• [ENTRIES SUPPLIED]:

- - -

(* For natural numbers $n\le m$, $\dim(W_{n,m})\leq\binom{m}{n}\cdot\frac{(m-1)!}{(n-1)!}$.
   Context: $\mathbb{F}$ is a field of characteristic zero; $\mathbb{F}\langle X\rangle$ the free non-unitary associative algebra on $X=\{x_1,x_2,\dots\}$; $(x^n)^T$ the smallest ideal containing $x^n$ invariant under all algebra endomorphisms; $V_m$ the space of multilinear polynomials of degree $m$ in $x_1,\dots,x_m$; $W_{n,m}:=V_m\cap(x^n)^T$. *)

From HB Require Import structures.
From mathcomp Require Import all_boot all_order all_algebra.
Set Implicit Arguments. Unset Strict Implicit. Unset Printing Implicit Defensive.
Import GRing.Theory.
Local Open Scope ring_scope.

(* A word is a seq nat,
   the letter i standing for the variable x_(i+1).  Elements are represented
   as coefficient functions  seq nat -> F  (formal series in noncommuting
   variables); the free non-unitary algebra F<X> consists of the
   finitely supported ones with zero constant term (predicate [fpoly]). *)

Definition ser (F : fieldType) := seq nat -> F.

Section FreeAlg.
Variable F : fieldType.

Definition ser0 : ser F := fun _ => 0.
Definition serD (f g : ser F) : ser F := fun w => f w + g w.
Definition serZ (c : F) (f : ser F) : ser F := fun w => c * f w.
Definition serM (f g : ser F) : ser F :=
  fun w => \sum_(i < (size w).+1) f (take i w) * g (drop i w).

Definition fpoly (f : ser F) : Prop :=
  f [::] = 0 /\ exists s : seq (seq nat), forall w, w \notin s -> f w = 0.

Definition xvar : ser F := fun w => if w == [:: 0%N] then 1 else 0.
Definition serX (f : ser F) (n : nat) : ser F := iter n.-1 (serM f) f.

Definition endo (psi : ser F -> ser F) : Prop :=
  [/\ forall f, fpoly f -> fpoly (psi f),
      forall f g, fpoly f -> fpoly g -> psi (serD f g) = serD (psi f) (psi g),
      forall c f, fpoly f -> psi (serZ c f) = serZ c (psi f) &
      forall f g, fpoly f -> fpoly g -> psi (serM f g) = serM (psi f) (psi g)].

Definition Tideal (I : ser F -> Prop) : Prop :=
  (forall f, I f -> fpoly f) /\
  [/\ I ser0,
      forall f g, I f -> I g -> I (serD f g),
      forall c f, I f -> I (serZ c f),
      forall f g, I f -> fpoly g -> I (serM g f) /\ I (serM f g) &
      forall psi f, endo psi -> I f -> I (psi f)].

Definition TxN (n : nat) (f : ser F) : Prop :=
  forall I, Tideal I -> I (serX xvar n) -> I f.

Definition Vm (m : nat) (f : ser F) : Prop :=
  fpoly f /\ forall w, f w != 0 -> perm_eq w (iota 0 m).

Definition W (n m : nat) (f : ser F) : Prop := Vm m f /\ TxN n f.

Definition lin_indep (fs : seq (ser F)) : Prop :=
  forall c : nat -> F,
    (forall w, \sum_(i < size fs) c i * nth ser0 fs i w = 0) ->
    forall i, (i < size fs)%N -> c i = 0.

End FreeAlg.

(* Let I_n be the span of the symmetrized products
     sym(g_1, ..., g_n) = sum over all orderings of the products g_s1 ... g_sn
   of n elements of F<X>.  It contains x^n = sym(x, ..., x) / n! and is
   stable under endomorphisms.  In characteristic 0 it is also a two-sided
   ideal: merging two neighbouring factors in all orderings of u :: l gives
   n sym(u :: l) when size l = n, and merging u with its left neighbour only
   gives sym(u :: l) - u sym(l), so that
     n u sym(l) = sum_x sym(ux, l - x) + (1 - n) sum_x sym(xu, l - x)
                  + sum_(x <> y) sym(u, xy, l - x - y).
   Hence (x^n)^T is contained in I_n.  Expanding multilinearly, I_n is spanned
   by the sym(w_1, ..., w_n) of nonempty monomials, and such a product only
   has monomials which are rearrangements of w_1 ... w_n.  A multilinear
   element of degree m thus lies in the span of the sym(w_1, ..., w_n) for
   which w_1 ... w_n is a permutation of x_1 ... x_m, i.e. of one element per
   partition of {1, ..., m} into n nonempty linearly ordered blocks.  There
   are C(m, n) (m-1)! / (n-1)! of them (a Lah number), which bounds the size
   of any linearly independent family. *)

From HB Require Import structures.
From mathcomp Require Import all_boot all_order all_algebra.
From mathcomp Require Import boolp zify.
Set Implicit Arguments. Unset Strict Implicit. Unset Printing Implicit Defensive.
Import GRing.Theory.

Section Insertion.
Variable T : eqType.

Definition insertions (x : T) (w : seq T) : seq (seq T) :=
  [seq take j w ++ x :: drop j w | j <- iota 0 (size w).+1].

Fixpoint insert_in_blocks (x : T) (ws : seq (seq T)) : seq (seq (seq T)) :=
  if ws is w :: ws' then
    [seq w' :: ws' | w' <- insertions x w] ++ [seq w :: r | r <- insert_in_blocks x ws']
  else [::].

Lemma insert_in_blocks_cons x w ws : insert_in_blocks x (w :: ws) =
  [seq w' :: ws | w' <- insertions x w] ++ [seq w :: r | r <- insert_in_blocks x ws].
Proof. by []. Qed.

Lemma mem_insertions x p q : p ++ x :: q \in insertions x (p ++ q).
Proof.
apply/mapP; exists (size p); first by rewrite mem_iota size_cat; lia.
by rewrite take_size_cat // drop_size_cat.
Qed.

Lemma mem_insert_in_blocks x pre p q suf :
  pre ++ (p ++ x :: q) :: suf \in insert_in_blocks x (pre ++ (p ++ q) :: suf).
Proof.
elim: pre => [|a pre IH]; rewrite insert_in_blocks_cons mem_cat; apply/orP.
  by left; apply/mapP; exists (p ++ x :: q); rewrite ?mem_insertions.
by right; apply/mapP; exists (pre ++ (p ++ x :: q) :: suf).
Qed.

Lemma size_insert_in_blocks x ws :
  size (insert_in_blocks x ws) = size (flatten ws) + size ws.
Proof. by elim: ws => //= w ws IH; rewrite size_cat !size_map IH size_iota size_cat; lia. Qed.

Lemma insert_in_blocks_size x ws r : r \in insert_in_blocks x ws ->
  size r = size ws /\ size (flatten r) = (size (flatten ws)).+1.
Proof.
elim: ws r => [//|w ws IH] r; rewrite insert_in_blocks_cons mem_cat.
case/orP=> [/mapP[_ /mapP[j _ ->] ->]|/mapP[r' /IH[Er Efl] ->]] /=.
  by rewrite !size_cat /= size_take size_drop; split => //; case: ltnP; lia.
by rewrite !size_cat Er Efl; split => //; lia.
Qed.

End Insertion.

(* [lah_blocks m n] lists the partitions of [0, ..., m-1] into [n] nonempty
   linearly ordered blocks, each one once up to the order of the blocks:
   the largest letter [m'] either forms a new last block or is inserted
   anywhere into a partition of [0, ..., m'-1] into [n] blocks. *)
Fixpoint lah_blocks (m n : nat) : seq (seq (seq nat)) :=
  match m, n with
  | 0, 0 => [:: [::]]
  | m'.+1, n'.+1 => [seq rcons b [:: m'] | b <- lah_blocks m' n'] ++
                    flatten [seq insert_in_blocks m' b | b <- lah_blocks m' n'.+1]
  | _, _ => [::]
  end.

Lemma lah_blocks_size m n b : b \in lah_blocks m n ->
  size b = n /\ size (flatten b) = m.
Proof.
elim: m n b => [|m IH] [|n] b //=; first by rewrite inE => /eqP ->.
rewrite mem_cat => /orP[/mapP[b' /IH[Eb Efl] ->]|].
  by rewrite size_rcons -cats1 flatten_cat size_cat Eb Efl addn1.
case/flattenP=> _ /mapP[b' /IH[Eb Efl] ->] /insert_in_blocks_size[-> ->].
by rewrite Eb Efl.
Qed.

Lemma size_lah_blocksS m n : size (lah_blocks m.+1 n.+1) =
  size (lah_blocks m n) + (m + n.+1) * size (lah_blocks m n.+1).
Proof.
rewrite /= size_cat size_map size_flatten /shape -map_comp sumnE big_map.
rewrite (eq_big_seq (fun _ => m + n.+1)); last first.
  by move=> b /lah_blocks_size[Eb Efl]; rewrite /= size_insert_in_blocks Eb Efl.
by rewrite big_const_seq count_predT iter_addn_0 mulnC.
Qed.

Lemma lah_closed_formS m k : 'C(m.+1, k.+2) * m`! =
  k.+1 * ('C(m, k.+1) * m.-1`!) + (m + k.+2) * ('C(m, k.+2) * m.-1`!).
Proof.
case: m => [|m]; first by rewrite !bin0n !muln0.
rewrite binS factS /=; have := mul_bin_left m.+1 k.+1.
have [km|mk] := leqP k.+1 m.+1; last by rewrite !bin_small //; lia.
move: ('C(m.+1, k.+1)) ('C(m.+1, k.+2)) (m`!) => a b f E.
have -> : (b + a) * (m.+1 * f) = m.+1 * (a * f) + m.+1 * (b * f) by lia.
have : k.+2 * (b * f) = (m.+1 - k.+1) * (a * f) by rewrite !mulnA E.
move: (a * f) (b * f) => A B; nia.
Qed.

Lemma size_lah_blocks m n : 0 < n ->
  size (lah_blocks m n) * n.-1`! = 'C(m, n) * m.-1`!.
Proof.
elim: m n => [|m IH] [|[|k]] // _; rewrite size_lah_blocksS mulnDl.
  have := IH 1 isT; rewrite /= !bin1 !muln1 => ->.
  by case: m {IH} => [|m] //=; rewrite factS; lia.
by rewrite /= lah_closed_formS -!IH //= factS; lia.
Qed.

Lemma lah_blocks_rcons m n b : b \in lah_blocks m n ->
  rcons b [:: m] \in lah_blocks m.+1 n.+1.
Proof. by move=> bB; rewrite /= mem_cat; apply/orP; left; apply/mapP; exists b. Qed.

- - -

• [YOUR GOAL]: Considering only the material above, set down every line from the one with "Definition W (n" to the one with "gives sym(u :: l) - u sym(l), so that", inclusive, exactly as written.

• [RESULT OF THIS TASK]:
Definition W (n m : nat) (f : ser F) : Prop := Vm m f /\ TxN n f.

Definition lin_indep (fs : seq (ser F)) : Prop :=
  forall c : nat -> F,
    (forall w, \sum_(i < size fs) c i * nth ser0 fs i w = 0) ->
    forall i, (i < size fs)%N -> c i = 0.

End FreeAlg.

(* Let I_n be the span of the symmetrized products
     sym(g_1, ..., g_n) = sum over all orderings of the products g_s1 ... g_sn
   of n elements of F<X>.  It contains x^n = sym(x, ..., x) / n! and is
   stable under endomorphisms.  In characteristic 0 it is also a two-sided
   ideal: merging two neighbouring factors in all orderings of u :: l gives
   n sym(u :: l) when size l = n, and merging u with its left neighbour only
   gives sym(u :: l) - u sym(l), so that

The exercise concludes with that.